(* single-target gain: g_T(w, x) = 1 iff x_0 = w (index 0 of 'I_n, n >= 1) *)
Definition gT (w : 'I_k) (x : dataset) : R :=
  if [exists i : 'I_n, (val i == 0%N) && (x i == w)] then 1 else 0.

(* The max is a fold of Num.max starting at 0; all summands considered are
   nonnegative, so this is the maximum over the (nonempty) set W = 'I_k. *)
Definition VT (pi : dataset -> R) (C : dataset -> dataset -> R) : R :=
  \sum_(y : dataset) \big[Num.max/0]_(w : 'I_k)
      \sum_(x : dataset) pi x * C x y * gT w x.

End Defs.

(* Summing over the secret x first, every coordinate but the first
   contributes a column sum of k-RR, which is 1; what remains is the average
   of q(z_0 | w) over the #z datasets with histogram z = h(y).  A fraction
   z_w / n of them have first entry w, so the mass of the guess w at the
   output y is k^-n (r + (p - r) z_w / n) with r = (1 - p)/(k - 1).  As
   p >= r, the best guess is a most frequent symbol, and grouping the
   outputs by histogram (#z is the multinomial coefficient) gives the
   formula. *)

From HB Require Import structures.
From mathcomp Require Import all_boot all_order all_algebra.
From mathcomp Require Import reals sequences exp.
From mathcomp Require Import zify ring.
Import Order.TTheory GRing.Theory Num.Theory.
Set Implicit Arguments. Unset Strict Implicit. Unset Printing Implicit Defensive.

Section ConsFfun.
Variables (n : nat) (T : finType).

Definition fcons (x : T) (y : {ffun 'I_n -> T}) : {ffun 'I_n.+1 -> T} :=
  [ffun i => if unlift ord0 i is Some j then y j else x].

Lemma fcons0 x y : fcons x y ord0 = x.
Proof. by rewrite ffunE unlift_none. Qed.

Lemma fconsS x y j : fcons x y (lift ord0 j) = y j.
Proof. by rewrite ffunE liftK. Qed.

Lemma big_fcons (R : Type) (idx : R) (op : Monoid.com_law idx)
    (F : {ffun 'I_n.+1 -> T} -> R) :
  \big[op/idx]_y F y = \big[op/idx]_x \big[op/idx]_(y : {ffun 'I_n -> T}) F (fcons x y).
Proof.
rewrite pair_big /= (reindex (fun xy : T * {ffun 'I_n -> T} => fcons xy.1 xy.2)) //.
exists (fun y : {ffun 'I_n.+1 -> T} => (y ord0, [ffun j => y (lift ord0 j)])).
  move=> [x y] _ /=; rewrite fcons0; congr pair.
  by apply/ffunP => j; rewrite ffunE fconsS.
move=> y _; apply/ffunP => i; rewrite ffunE.
by case: unliftP => [j|] ->; rewrite ?ffunE.
Qed.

### The problem
In the answer, restate word for word each line from the one with "(fcons x y)." through the end of the material above.

### Solved problem
  \big[op/idx]_y F y = \big[op/idx]_x \big[op/idx]_(y : {ffun 'I_n -> T}) F (fcons x y).
Proof.
rewrite pair_big /= (reindex (fun xy : T * {ffun 'I_n -> T} => fcons xy.1 xy.2)) //.
exists (fun y : {ffun 'I_n.+1 -> T} => (y ord0, [ffun j => y (lift ord0 j)])).
  move=> [x y] _ /=; rewrite fcons0; congr pair.
  by apply/ffunP => j; rewrite ffunE fconsS.
move=> y _; apply/ffunP => i; rewrite ffunE.
by case: unliftP => [j|] ->; rewrite ?ffunE.
Qed.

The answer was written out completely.